*REQUIRED WORK*: The output should be limited to the line holding "rewrite -(ler_pM2l (expR_gt0" and the lines after it through the end of the entries, each restated exactly.
#####
(* Let $\gamma>0$ and let $S\subset(0,1)$ be a set of size $d$, and let $\mathbf{x}\in[0,1]^d$ list the elements of $S$ in a uniformly random order. Then the following procedure is ''successful'' with probability at least $1-\exp(-\Omega(d^{2\gamma}))$, and whenever it is successful it outputs $\operatorname{med}(\mathbf{x})$. Procedure: (1) partition the $d$ entries of $\mathbf{x}$ into consecutive blocks $\mathbf{x}_1,\dots,\mathbf{x}_q$ of size $\lceil d^{2/3}\rceil$ (the last block possibly smaller); for $i\in[q-1]$ let $\mathbf{y}_i$ consist of the elements of $\mathbf{x}_i$ whose ranks within $\mathbf{x}_i$ belong to $\{\lfloor \frac{d^{2/3}}{2}-d^{\frac13+\gamma}\rfloor,\dots,\lceil \frac{d^{2/3}}{2}+d^{\frac13+\gamma}\rceil\}$, and let $\mathbf{y}_q=\mathbf{x}_q$; (2) compare each entry of the concatenation $(\mathbf{y}_1,\dots,\mathbf{y}_q)$ with all entries of $\mathbf{x}$, and output the entry that is larger than exactly $d/2-1$ entries of $\mathbf{x}$ (if none exists, the procedure fails). The procedure is called successful if some $\mathbf{y}_i$, $i\in[q]$, contains $\operatorname{med}(\mathbf{x})$.
   Context: $\operatorname{med}(\mathbf{x})$ denotes the median of the entries of $\mathbf{x}$ (the element of rank $d/2$ in ascending order). Ranks are positions in ascending sorted order. *)

From HB Require Import structures.
From mathcomp Require Import all_boot all_order all_algebra all_fingroup.
From mathcomp Require Import all_classical all_reals.
From mathcomp Require Import sequences exp.
Set Implicit Arguments. Unset Strict Implicit. Unset Printing Implicit Defensive.
Import Order.TTheory GRing.Theory Num.Theory.
Local Open Scope ring_scope.

Section Median.
Variable R : realType.
Variable gamma : R.

Definition nsmaller (x : seq R) (e : R) : nat := count (fun z => z < e) x.

Definition rank_in (s : seq R) (e : R) : nat := (nsmaller s e).+1.

(* target count: the median is larger than exactly d/2 - 1 entries *)
Definition med_cnt (x : seq R) : nat := ((size x)./2 - 1)%N.

(* med(x): the element of (1-indexed) rank d/2 in ascending order *)
Definition med (x : seq R) : R := nth 0 (sort <=%R x) (med_cnt x).

Definition dR (x : seq R) : R := (size x)%:R.

Definition blk (x : seq R) : nat := absz (Num.ceil (dR x `^ (2 / 3))).

Definition nblocks (x : seq R) : nat := ((size x + blk x - 1) %/ blk x)%N.

(* i-th block (0-indexed, i < q) *)
Definition block (x : seq R) (i : nat) : seq R :=
  take (blk x) (drop (i * blk x) x).

Definition rank_lo (x : seq R) : int :=
  Num.floor (dR x `^ (2 / 3) / 2 - dR x `^ (3^-1 + gamma)).
Definition rank_hi (x : seq R) : int :=
  Num.ceil (dR x `^ (2 / 3) / 2 + dR x `^ (3^-1 + gamma)).

Definition yblock (x : seq R) (i : nat) : seq R :=
  if (i.+1 < nblocks x)%N then
    [seq e <- block x i | (rank_lo x <= (rank_in (block x i) e)%:Z)
                          && ((rank_in (block x i) e)%:Z <= rank_hi x)]
  else block x i.

Definition candidates (x : seq R) : seq R :=
  flatten [seq yblock x i | i <- iota 0 (nblocks x)].

Definition output (x : seq R) : option R :=
  ohead [seq e <- candidates x | nsmaller x e == med_cnt x].

Definition successful (x : seq R) : bool :=
  has (fun i => med x \in yblock x i) (iota 0 (nblocks x)).

End Median.

(* the ordering of S = image of s given by the permutation sigma *)
Definition ordering (R : realType) (d : nat) (s : 'I_d -> R) (sigma : 'S_d)
  : seq R := [seq s (sigma i) | i <- enum 'I_d].

Definition succ_prob (R : realType) (gamma : R) (d : nat) (s : 'I_d -> R) : R :=
  (#|[set sigma : 'S_d | successful gamma (ordering s sigma)]|)%:R / (d`!)%:R.

From HB Require Import structures.
From mathcomp Require Import all_boot all_order all_algebra all_fingroup.
From mathcomp Require Import all_classical all_reals.
From mathcomp Require Import sequences exp.
From mathcomp Require Import zify ring lra.
Set Implicit Arguments.
Unset Strict Implicit.
Unset Printing Implicit Defensive.
Import Order.TTheory GRing.Theory Num.Theory.
Local Open Scope ring_scope.

(* A value e of a sequence x with distinct entries is determined by the number
   of entries of x below it: it is the entry of that rank in sorted order.  Hence
   the procedure outputs the median whenever the median is among the candidates.

   For the success probability fix the median m and let X be the set of indices
   whose value lies below m.  If m sits in a full block A of size B ~ d^(2/3)
   with a rank outside [lo, hi], then the number of positions of A whose value
   lies in X (or in its complement) exceeds its mean, at most B/2 + 3/2, by
   a = d^(1/3 + gamma) - 1/2.  Under a uniform permutation the probability that
   a fixed J is mapped into X is at most (|X| / d)^|J|, so expanding
   (1 + t)^hits over subsets J shows that these counts have exponential moments
   dominated by binomial ones; Markov's inequality then gives the tail
   exp(-a^2 / (4 B)) <= exp(-d^(2 gamma) / 32).  A union bound over fewer than
   d blocks costs a factor 2 d, which exp(d^(2 gamma) / 64) absorbs. *)

Lemma card_set_sum (T : finType) (A : {set T}) (P : pred T) :
  #|[set x in A | P x]| = (\sum_(x in A) P x)%N.
Proof.
rewrite -sum1_card big_mkcond [RHS]big_mkcond /=.
by apply: eq_bigr => x _; rewrite inE; case: (x \in A); case: (P x).
Qed.

Lemma count_uniq_card (T : finType) (l : seq T) (P : pred T) : uniq l ->
  count P l = #|[set j in l | P j]|.
Proof.
move=> ul; rewrite -size_filter -(card_uniqP (filter_uniq P ul)).
by apply: eq_card => j; rewrite !inE mem_filter andbC.
Qed.

Lemma double_count (I J : finType) (A : {set I}) (B : {set J}) (P : I -> J -> bool) :
  (\sum_(i in A) #|[set j in B | P i j]| = \sum_(j in B) #|[set i in A | P i j]|)%N.
Proof.
under eq_bigr do rewrite card_set_sum.
by rewrite exchange_big; apply: eq_bigr => j _; rewrite card_set_sum.
Qed.

Lemma card_bigcup_le (I T : finType) (P : pred I) (E : I -> {set T}) :
  (#|\bigcup_(i | P i) E i| <= \sum_(i | P i) #|E i|)%N.
Proof.
elim/big_rec2: _ => [|i U n _ IH]; first by rewrite cards0.
by rewrite cardsU (leq_trans (leq_subr _ _)) ?leq_add2l.
Qed.

Lemma sum_powerset_expr (R : comPzSemiRingType) (T : finType) (B : {set T}) (t : R) :
  \sum_(J in powerset B) t ^+ #|J| = (1 + t) ^+ #|B|.
Proof.
have -> : (1 + t) ^+ #|B| = \prod_i ((if i \in B then t else 0) + 1).
  rewrite -prodr_const big_mkcond /=; apply: eq_bigr => i _.
  by case: (i \in B); rewrite ?add0r // addrC.
rewrite bigA_distr big_mkcond /=; apply: eq_bigr => J _.
rewrite powersetE; case: (boolP (J \subset B)) => JB.
  rewrite -prodr_const big_mkcond /=; apply: eq_bigr => i _.
  by case: (boolP (i \in J)) => // /(fintype.subsetP JB) ->.
have [i iJ iB] := fintype.subsetPn JB.
by rewrite [RHS](bigD1 i) //= iJ (negbTE iB) mul0r.
Qed.

Lemma expR_sub_sqr_le1D (R : realType) (t : R) : 0 <= t -> expR (t - t ^+ 2) <= 1 + t.
Proof.
move=> t0.
have pos : 0 < 1 - (t - t ^+ 2) by nra.
have := expR_ge1Dx (- (t - t ^+ 2)).
rewrite -(ler_pM2l (expR_gt0 (t - t ^+ 2))) -expRD subrr expR0 => inv_bound.
by rewrite -(ler_pM2r pos); apply: le_trans inv_bound _; nra.
Qed.

Section PermsInto.
Variables (d : nat) (X : {set 'I_d}).

Definition perms_into (J : {set 'I_d}) : {set 'S_d} :=
  [set s : 'S_d | J \subset s @^-1: X].

Lemma card_perms_into_setU1 (J : {set 'I_d}) (j0 : 'I_d) : j0 \notin J ->
  (#|perms_into (j0 |: J)| * (d - #|J|) = #|perms_into J| * (#|X| - #|J|))%N.
Proof.
move=> j0J.
have cardCJ : #|~: J| = (d - #|J|)%N by rewrite cardsCs finset.setCK card_ord.
have free_targets s : s \in perms_into J ->
    #|[set j in ~: J | s j \in X]| = (#|X| - #|J|)%N.
  rewrite inE => sJ.
  have -> : [set j in ~: J | s j \in X] = s @^-1: X :\: J.
    by apply/setP => j; rewrite !inE andbC.
  by rewrite cardsDS // card_preimset //; apply: perm_inj.
have shifted j : j \in ~: J ->
    #|[set s in perms_into J | s j \in X]| = #|perms_into (j0 |: J)|.
  rewrite inE => jJ.
  have neq i : i \in J -> (j0 != i) && (j != i).
    by move=> iJ; apply/andP; split; apply/eqP => ei; [move: j0J | move: jJ]; rewrite ei iJ.
  rewrite -[RHS](card_preimset _ (mulgI (tperm j0 j))); apply: eq_card => s.
  rewrite !inE finset.subUset finset.sub1set !inE permM tpermL andbC; congr (_ && _).
  apply/fintype.subsetP/fintype.subsetP => sub i iJ; have /andP [ji ji'] := neq i iJ.
    by have := sub i iJ; rewrite !inE permM tpermD.
  by have := sub i iJ; rewrite !inE permM tpermD.
have := double_count (perms_into J) (~: J) (fun s j => s j \in X).
rewrite (eq_bigr _ free_targets) (eq_bigr _ shifted) !sum_nat_const cardCJ.
by move=> ->; rewrite mulnC.
Qed.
#####
*SOLUTION TO THIS TASK*:
rewrite -(ler_pM2l (expR_gt0 (t - t ^+ 2))) -expRD subrr expR0 => inv_bound.
by rewrite -(ler_pM2r pos); apply: le_trans inv_bound _; nra.
Qed.

Section PermsInto.
Variables (d : nat) (X : {set 'I_d}).

Definition perms_into (J : {set 'I_d}) : {set 'S_d} :=
  [set s : 'S_d | J \subset s @^-1: X].

Lemma card_perms_into_setU1 (J : {set 'I_d}) (j0 : 'I_d) : j0 \notin J ->
  (#|perms_into (j0 |: J)| * (d - #|J|) = #|perms_into J| * (#|X| - #|J|))%N.
Proof.
move=> j0J.
have cardCJ : #|~: J| = (d - #|J|)%N by rewrite cardsCs finset.setCK card_ord.
have free_targets s : s \in perms_into J ->
    #|[set j in ~: J | s j \in X]| = (#|X| - #|J|)%N.
  rewrite inE => sJ.
  have -> : [set j in ~: J | s j \in X] = s @^-1: X :\: J.
    by apply/setP => j; rewrite !inE andbC.
  by rewrite cardsDS // card_preimset //; apply: perm_inj.
have shifted j : j \in ~: J ->
    #|[set s in perms_into J | s j \in X]| = #|perms_into (j0 |: J)|.
  rewrite inE => jJ.
  have neq i : i \in J -> (j0 != i) && (j != i).
    by move=> iJ; apply/andP; split; apply/eqP => ei; [move: j0J | move: jJ]; rewrite ei iJ.
  rewrite -[RHS](card_preimset _ (mulgI (tperm j0 j))); apply: eq_card => s.
  rewrite !inE finset.subUset finset.sub1set !inE permM tpermL andbC; congr (_ && _).
  apply/fintype.subsetP/fintype.subsetP => sub i iJ; have /andP [ji ji'] := neq i iJ.
    by have := sub i iJ; rewrite !inE permM tpermD.
  by have := sub i iJ; rewrite !inE permM tpermD.
have := double_count (perms_into J) (~: J) (fun s j => s j \in X).
rewrite (eq_bigr _ free_targets) (eq_bigr _ shifted) !sum_nat_const cardCJ.
by move=> ->; rewrite mulnC.
Qed.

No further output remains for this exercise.